• [WHAT THE TASK ASKS]:
Give back exactly the lines of the material below that start at the line containing "Lemma conn_abs_skew0 nu" and end at the line containing "case=> X [l [_ connX _ _ nuE]].", and no others.

───── DATA SECTION ─────

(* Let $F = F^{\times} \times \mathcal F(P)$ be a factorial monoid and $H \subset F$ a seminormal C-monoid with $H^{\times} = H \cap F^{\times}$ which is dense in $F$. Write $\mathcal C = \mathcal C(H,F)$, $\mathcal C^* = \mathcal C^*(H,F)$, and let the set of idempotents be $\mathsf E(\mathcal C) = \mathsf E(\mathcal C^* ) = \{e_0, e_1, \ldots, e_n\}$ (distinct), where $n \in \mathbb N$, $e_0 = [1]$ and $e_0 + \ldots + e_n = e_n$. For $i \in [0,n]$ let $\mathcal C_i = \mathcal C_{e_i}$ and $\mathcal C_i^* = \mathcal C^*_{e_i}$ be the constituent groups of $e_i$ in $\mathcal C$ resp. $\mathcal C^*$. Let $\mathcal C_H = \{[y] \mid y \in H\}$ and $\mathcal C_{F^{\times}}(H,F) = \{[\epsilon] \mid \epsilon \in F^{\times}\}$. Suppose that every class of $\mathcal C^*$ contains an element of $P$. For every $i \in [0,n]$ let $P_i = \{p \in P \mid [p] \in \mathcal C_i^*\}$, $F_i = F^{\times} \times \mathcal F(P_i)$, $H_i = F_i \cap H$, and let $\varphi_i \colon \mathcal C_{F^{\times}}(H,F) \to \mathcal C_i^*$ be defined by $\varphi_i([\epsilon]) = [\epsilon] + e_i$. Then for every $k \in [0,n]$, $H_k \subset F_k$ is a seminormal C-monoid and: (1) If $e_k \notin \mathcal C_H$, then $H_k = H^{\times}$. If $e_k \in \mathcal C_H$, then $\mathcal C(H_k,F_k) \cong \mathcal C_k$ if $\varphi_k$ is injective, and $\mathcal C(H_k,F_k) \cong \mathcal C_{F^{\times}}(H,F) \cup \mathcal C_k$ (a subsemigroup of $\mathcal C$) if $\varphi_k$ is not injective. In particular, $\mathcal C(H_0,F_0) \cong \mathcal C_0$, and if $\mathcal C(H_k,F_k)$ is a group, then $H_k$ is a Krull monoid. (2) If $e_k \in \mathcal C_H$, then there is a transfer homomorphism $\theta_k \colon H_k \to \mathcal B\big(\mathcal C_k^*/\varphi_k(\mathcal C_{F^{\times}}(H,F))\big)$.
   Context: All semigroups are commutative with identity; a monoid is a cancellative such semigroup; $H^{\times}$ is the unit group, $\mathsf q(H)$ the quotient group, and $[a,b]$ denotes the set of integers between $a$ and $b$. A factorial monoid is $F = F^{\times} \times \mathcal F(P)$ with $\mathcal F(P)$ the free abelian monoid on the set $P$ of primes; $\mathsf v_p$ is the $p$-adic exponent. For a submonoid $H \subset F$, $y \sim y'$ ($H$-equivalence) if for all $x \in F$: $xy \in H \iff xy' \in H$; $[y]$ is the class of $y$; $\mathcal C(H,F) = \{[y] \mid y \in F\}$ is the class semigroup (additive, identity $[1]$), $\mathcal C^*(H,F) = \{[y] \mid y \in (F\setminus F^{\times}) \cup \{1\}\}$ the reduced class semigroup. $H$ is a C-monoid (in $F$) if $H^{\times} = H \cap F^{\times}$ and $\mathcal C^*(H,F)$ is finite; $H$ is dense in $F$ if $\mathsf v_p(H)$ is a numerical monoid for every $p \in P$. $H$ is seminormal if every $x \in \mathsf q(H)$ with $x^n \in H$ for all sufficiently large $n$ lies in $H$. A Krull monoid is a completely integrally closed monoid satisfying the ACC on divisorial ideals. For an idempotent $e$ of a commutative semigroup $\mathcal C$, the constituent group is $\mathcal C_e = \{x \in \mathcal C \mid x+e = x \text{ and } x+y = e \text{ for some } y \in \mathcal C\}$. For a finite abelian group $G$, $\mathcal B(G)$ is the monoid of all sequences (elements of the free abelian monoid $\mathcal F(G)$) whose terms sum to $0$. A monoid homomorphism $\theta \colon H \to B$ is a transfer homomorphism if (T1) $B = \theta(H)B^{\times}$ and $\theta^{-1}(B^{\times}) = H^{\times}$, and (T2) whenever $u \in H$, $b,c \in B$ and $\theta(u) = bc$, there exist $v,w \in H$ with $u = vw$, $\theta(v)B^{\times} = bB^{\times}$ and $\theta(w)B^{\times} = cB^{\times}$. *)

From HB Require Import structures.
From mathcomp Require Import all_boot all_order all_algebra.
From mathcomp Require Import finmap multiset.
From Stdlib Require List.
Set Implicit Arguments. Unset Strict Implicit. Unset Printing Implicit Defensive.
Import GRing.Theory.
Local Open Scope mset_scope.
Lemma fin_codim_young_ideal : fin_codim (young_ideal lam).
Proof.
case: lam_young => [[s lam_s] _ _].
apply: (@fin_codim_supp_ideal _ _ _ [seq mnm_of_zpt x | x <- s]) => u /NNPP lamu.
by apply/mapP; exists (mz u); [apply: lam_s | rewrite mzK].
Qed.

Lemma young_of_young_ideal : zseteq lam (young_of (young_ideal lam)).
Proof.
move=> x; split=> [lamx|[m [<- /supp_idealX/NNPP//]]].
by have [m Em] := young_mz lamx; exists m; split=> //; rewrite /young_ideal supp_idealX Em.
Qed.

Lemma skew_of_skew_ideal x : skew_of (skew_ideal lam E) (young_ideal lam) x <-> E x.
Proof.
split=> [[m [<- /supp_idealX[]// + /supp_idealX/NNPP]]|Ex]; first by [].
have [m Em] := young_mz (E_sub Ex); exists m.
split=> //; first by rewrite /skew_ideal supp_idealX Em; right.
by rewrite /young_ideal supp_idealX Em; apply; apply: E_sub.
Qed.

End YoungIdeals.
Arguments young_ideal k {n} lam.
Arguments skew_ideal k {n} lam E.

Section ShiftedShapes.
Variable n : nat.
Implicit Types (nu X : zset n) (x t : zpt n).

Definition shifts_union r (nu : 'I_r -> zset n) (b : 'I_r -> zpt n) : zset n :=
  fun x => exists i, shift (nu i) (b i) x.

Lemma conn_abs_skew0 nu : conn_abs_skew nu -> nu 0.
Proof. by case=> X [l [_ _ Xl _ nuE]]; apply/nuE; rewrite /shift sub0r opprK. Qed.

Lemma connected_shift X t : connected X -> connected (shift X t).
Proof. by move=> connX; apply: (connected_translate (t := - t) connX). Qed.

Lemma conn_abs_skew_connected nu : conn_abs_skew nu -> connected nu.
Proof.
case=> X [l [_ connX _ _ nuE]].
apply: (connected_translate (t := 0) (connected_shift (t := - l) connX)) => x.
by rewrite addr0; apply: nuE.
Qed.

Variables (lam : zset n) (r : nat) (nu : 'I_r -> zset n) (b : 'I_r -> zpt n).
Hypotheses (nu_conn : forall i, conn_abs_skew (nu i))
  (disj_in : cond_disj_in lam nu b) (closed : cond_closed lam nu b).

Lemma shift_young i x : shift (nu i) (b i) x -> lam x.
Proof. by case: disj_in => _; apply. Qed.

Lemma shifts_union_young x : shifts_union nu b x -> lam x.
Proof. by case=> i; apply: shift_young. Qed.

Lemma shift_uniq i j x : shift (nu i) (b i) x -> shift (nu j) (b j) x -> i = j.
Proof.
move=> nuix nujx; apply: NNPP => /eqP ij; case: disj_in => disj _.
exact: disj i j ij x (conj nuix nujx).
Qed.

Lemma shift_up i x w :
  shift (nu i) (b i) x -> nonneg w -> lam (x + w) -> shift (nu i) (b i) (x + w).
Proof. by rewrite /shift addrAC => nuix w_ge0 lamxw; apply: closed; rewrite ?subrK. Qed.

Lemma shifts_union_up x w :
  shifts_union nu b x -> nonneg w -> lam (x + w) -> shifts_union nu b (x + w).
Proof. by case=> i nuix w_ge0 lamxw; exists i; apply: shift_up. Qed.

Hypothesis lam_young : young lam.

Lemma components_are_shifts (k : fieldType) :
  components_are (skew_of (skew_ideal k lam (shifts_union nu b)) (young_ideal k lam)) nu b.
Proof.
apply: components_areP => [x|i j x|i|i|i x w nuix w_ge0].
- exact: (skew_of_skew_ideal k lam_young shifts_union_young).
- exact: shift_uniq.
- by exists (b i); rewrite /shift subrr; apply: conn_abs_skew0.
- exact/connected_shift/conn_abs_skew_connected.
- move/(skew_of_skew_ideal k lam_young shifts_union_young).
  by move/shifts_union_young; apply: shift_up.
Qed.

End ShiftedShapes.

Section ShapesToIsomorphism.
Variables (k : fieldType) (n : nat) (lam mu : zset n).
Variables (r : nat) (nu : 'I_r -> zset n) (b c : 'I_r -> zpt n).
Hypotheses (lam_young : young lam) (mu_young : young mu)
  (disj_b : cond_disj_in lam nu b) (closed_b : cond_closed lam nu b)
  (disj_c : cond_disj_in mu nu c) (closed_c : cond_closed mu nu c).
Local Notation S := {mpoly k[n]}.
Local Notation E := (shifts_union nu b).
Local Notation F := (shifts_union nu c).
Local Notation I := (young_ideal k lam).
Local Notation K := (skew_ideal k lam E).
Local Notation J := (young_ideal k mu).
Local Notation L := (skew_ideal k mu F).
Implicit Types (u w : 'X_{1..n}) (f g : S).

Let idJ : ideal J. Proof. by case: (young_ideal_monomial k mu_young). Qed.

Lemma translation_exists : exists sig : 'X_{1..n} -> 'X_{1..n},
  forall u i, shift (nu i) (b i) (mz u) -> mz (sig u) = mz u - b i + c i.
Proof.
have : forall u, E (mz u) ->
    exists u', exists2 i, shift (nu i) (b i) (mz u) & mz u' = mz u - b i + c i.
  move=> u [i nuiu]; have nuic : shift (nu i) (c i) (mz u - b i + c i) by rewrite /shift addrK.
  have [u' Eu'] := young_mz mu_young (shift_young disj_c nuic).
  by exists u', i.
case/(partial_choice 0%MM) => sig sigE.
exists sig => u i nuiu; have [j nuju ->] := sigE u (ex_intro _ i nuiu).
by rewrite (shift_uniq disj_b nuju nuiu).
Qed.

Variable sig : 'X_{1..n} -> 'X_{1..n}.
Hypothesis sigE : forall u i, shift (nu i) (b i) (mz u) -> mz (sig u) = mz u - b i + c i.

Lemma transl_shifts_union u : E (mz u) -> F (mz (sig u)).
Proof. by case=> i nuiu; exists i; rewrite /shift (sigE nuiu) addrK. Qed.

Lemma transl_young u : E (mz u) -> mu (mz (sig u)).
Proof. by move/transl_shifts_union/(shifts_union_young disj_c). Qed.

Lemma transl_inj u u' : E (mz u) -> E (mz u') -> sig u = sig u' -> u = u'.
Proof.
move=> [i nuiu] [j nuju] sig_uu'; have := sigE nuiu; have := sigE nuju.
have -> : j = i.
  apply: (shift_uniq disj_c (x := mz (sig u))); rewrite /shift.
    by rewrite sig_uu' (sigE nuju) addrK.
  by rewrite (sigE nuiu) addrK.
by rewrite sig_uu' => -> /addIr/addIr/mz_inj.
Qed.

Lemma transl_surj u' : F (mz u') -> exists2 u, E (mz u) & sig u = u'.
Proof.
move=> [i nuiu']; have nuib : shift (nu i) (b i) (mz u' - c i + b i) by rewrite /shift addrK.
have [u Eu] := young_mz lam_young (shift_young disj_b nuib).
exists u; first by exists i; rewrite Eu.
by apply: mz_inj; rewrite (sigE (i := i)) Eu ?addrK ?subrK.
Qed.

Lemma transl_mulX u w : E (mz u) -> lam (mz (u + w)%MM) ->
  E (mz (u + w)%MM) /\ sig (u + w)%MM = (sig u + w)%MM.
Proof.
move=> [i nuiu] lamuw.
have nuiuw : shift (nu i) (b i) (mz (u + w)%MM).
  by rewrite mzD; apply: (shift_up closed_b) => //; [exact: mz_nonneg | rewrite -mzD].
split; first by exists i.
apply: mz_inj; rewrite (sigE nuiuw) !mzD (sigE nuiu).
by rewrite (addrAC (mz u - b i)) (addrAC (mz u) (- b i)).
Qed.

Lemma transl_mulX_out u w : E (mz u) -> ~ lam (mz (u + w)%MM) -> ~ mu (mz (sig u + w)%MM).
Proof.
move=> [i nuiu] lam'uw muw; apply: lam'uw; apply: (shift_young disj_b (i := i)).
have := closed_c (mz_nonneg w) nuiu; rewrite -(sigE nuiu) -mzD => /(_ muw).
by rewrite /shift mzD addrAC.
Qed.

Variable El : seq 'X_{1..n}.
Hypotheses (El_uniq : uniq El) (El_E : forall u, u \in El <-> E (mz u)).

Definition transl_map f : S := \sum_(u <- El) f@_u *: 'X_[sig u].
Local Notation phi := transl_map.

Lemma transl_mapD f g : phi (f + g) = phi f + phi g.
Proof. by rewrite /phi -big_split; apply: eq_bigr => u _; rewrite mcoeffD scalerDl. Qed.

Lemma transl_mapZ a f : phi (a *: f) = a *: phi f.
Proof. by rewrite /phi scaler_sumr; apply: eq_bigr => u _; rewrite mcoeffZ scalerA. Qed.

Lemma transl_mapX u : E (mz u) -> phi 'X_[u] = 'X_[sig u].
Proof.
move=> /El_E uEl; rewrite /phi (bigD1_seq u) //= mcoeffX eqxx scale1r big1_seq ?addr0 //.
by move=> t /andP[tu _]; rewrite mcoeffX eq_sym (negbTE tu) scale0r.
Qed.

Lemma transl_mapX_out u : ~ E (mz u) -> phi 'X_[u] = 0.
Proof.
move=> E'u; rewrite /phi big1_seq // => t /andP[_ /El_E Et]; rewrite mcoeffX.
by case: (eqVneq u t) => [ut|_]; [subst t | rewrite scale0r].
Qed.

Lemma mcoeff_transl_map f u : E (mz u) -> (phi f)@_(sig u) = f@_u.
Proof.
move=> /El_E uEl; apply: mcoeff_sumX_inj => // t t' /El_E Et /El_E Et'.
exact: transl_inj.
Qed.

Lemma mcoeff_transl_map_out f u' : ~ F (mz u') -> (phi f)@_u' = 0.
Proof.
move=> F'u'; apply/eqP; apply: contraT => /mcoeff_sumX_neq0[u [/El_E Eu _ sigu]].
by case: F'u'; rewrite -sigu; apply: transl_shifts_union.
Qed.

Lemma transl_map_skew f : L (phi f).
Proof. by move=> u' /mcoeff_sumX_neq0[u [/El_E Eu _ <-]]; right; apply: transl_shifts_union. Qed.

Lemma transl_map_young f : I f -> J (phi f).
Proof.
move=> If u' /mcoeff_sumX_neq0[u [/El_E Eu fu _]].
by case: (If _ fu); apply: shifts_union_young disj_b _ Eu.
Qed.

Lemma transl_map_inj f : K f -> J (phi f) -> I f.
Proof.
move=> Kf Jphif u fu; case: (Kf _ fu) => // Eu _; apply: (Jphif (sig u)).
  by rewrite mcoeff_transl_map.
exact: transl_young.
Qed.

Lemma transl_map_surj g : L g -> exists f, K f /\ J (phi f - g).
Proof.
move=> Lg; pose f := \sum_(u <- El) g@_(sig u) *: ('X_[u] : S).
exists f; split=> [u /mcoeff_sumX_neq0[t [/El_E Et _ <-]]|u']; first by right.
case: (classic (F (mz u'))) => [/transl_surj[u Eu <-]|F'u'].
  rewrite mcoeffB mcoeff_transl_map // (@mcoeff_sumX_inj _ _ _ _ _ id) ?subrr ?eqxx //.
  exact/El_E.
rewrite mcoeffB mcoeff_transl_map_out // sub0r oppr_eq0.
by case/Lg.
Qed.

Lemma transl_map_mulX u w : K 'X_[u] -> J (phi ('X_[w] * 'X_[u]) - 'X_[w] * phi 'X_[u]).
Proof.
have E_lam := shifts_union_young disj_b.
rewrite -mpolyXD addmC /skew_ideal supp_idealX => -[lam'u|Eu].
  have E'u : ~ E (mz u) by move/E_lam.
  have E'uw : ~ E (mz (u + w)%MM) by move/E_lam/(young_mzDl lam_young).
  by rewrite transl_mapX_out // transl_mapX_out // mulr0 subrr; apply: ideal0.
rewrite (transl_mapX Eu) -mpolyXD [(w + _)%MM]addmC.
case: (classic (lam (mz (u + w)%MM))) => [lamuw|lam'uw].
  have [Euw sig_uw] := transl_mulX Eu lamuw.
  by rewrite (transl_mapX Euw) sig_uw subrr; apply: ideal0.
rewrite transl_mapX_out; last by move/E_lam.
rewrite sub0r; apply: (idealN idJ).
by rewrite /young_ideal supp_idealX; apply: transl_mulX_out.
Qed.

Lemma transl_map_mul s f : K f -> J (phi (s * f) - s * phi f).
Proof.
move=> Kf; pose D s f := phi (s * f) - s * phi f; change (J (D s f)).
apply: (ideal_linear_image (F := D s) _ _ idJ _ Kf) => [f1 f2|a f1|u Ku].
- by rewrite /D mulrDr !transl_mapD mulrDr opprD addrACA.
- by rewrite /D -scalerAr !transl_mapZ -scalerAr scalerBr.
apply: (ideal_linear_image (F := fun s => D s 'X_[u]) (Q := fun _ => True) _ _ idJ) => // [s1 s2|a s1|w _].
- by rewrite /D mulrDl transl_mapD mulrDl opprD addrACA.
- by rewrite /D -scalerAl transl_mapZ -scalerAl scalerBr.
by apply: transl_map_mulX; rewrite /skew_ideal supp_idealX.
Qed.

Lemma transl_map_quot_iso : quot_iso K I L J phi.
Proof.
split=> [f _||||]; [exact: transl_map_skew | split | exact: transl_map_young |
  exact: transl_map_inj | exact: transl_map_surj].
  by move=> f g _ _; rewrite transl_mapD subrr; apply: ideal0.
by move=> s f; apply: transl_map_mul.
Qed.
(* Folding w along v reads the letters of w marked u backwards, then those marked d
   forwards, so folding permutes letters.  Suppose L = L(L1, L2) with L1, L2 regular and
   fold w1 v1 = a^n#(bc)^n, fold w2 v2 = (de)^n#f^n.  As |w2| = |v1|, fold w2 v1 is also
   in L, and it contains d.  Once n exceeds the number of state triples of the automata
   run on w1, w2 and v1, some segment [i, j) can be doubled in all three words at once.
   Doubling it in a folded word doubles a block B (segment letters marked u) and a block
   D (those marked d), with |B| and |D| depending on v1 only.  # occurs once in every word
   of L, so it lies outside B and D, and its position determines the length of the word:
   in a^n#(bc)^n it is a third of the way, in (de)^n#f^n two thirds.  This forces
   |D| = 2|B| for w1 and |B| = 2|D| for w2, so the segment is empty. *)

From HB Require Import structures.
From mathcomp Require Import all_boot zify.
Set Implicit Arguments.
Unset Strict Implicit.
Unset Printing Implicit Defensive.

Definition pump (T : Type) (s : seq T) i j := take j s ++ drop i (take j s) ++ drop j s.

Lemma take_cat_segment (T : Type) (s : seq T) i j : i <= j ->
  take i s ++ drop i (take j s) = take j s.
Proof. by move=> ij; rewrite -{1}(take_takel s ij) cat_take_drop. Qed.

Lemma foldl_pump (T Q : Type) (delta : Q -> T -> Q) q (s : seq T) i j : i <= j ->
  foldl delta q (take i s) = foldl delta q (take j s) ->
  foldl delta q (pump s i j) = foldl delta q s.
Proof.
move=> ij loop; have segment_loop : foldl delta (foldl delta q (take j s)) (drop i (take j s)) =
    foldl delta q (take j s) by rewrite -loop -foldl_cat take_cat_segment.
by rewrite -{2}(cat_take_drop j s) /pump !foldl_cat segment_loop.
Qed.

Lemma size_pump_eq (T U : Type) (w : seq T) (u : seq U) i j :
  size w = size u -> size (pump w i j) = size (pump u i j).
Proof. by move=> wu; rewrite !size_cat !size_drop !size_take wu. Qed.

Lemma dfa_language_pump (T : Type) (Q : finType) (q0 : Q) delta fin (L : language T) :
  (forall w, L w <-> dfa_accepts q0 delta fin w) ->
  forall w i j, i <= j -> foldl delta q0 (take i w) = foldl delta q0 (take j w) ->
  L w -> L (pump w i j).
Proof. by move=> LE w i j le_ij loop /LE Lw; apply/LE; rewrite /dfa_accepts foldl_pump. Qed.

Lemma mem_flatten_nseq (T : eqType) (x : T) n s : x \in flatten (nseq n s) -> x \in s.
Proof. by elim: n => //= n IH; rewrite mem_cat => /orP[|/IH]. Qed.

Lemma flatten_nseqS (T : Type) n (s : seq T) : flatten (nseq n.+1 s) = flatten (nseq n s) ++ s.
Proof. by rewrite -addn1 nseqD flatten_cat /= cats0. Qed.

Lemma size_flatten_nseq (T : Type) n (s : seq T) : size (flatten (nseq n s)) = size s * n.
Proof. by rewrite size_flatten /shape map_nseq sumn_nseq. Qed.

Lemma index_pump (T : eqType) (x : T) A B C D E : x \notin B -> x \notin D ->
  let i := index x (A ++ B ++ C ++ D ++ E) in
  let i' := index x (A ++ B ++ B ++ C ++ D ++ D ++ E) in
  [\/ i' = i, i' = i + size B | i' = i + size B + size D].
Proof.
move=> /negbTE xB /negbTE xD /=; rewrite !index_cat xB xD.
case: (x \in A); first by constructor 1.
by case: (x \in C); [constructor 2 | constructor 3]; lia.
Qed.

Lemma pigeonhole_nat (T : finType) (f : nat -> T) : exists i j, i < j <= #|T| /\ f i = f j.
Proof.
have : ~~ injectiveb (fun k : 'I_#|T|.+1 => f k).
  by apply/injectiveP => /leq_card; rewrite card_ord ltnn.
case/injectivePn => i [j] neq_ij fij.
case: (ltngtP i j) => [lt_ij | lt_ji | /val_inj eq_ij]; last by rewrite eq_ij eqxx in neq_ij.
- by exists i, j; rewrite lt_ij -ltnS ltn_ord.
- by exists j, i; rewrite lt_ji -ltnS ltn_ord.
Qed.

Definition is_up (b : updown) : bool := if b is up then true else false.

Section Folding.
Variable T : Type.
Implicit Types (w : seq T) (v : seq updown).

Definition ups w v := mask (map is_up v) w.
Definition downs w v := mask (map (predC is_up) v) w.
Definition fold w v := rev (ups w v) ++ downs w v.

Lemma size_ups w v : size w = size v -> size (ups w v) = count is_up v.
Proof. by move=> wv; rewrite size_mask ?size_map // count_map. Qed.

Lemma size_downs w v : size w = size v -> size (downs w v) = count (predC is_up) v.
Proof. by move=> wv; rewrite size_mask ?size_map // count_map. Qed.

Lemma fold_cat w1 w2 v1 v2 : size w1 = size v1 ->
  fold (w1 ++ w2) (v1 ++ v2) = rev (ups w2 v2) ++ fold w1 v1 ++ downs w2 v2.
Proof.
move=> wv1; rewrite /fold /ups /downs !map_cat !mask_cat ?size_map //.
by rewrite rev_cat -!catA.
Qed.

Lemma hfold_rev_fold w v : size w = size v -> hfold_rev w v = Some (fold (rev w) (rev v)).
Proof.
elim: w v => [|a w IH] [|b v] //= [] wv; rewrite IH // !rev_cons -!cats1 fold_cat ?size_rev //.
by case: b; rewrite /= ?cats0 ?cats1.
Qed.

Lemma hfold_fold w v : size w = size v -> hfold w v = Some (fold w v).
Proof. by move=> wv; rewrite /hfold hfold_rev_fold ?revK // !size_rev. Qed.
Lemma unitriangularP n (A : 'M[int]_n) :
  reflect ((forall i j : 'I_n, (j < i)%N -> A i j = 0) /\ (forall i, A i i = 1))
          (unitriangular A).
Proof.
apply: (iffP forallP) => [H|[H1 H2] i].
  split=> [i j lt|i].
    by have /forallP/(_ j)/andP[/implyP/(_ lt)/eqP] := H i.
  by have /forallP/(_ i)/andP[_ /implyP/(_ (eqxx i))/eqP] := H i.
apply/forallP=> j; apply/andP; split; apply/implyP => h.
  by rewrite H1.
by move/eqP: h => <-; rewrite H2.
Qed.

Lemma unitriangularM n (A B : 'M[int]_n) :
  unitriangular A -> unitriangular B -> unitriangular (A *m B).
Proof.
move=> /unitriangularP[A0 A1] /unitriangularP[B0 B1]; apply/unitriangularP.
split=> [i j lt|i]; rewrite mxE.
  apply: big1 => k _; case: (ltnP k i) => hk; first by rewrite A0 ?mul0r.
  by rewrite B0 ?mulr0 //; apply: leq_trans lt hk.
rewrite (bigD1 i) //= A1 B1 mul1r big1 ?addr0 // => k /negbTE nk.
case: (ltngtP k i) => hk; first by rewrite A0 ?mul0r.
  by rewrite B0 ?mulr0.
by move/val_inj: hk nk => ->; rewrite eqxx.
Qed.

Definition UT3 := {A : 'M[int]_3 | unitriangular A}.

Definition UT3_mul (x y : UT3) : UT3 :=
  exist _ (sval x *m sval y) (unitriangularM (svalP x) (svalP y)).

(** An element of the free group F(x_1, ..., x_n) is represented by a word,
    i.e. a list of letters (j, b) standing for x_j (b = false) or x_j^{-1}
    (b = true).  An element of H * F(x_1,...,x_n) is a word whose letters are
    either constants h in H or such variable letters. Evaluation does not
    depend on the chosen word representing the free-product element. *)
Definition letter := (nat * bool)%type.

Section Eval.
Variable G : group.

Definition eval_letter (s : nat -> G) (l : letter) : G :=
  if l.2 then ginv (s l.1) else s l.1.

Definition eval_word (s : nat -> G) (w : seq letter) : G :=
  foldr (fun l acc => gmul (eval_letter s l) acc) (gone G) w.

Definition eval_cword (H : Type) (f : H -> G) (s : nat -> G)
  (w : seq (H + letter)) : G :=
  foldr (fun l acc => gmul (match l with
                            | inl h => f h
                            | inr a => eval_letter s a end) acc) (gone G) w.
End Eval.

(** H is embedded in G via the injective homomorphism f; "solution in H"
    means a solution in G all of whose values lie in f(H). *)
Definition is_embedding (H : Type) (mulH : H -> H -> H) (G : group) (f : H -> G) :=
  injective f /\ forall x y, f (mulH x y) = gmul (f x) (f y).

─────

• [FINAL ANSWER]:
Lemma conn_abs_skew0 nu : conn_abs_skew nu -> nu 0.
Proof. by case=> X [l [_ _ Xl _ nuE]]; apply/nuE; rewrite /shift sub0r opprK. Qed.

Lemma connected_shift X t : connected X -> connected (shift X t).
Proof. by move=> connX; apply: (connected_translate (t := - t) connX). Qed.

Lemma conn_abs_skew_connected nu : conn_abs_skew nu -> connected nu.
Proof.
case=> X [l [_ connX _ _ nuE]].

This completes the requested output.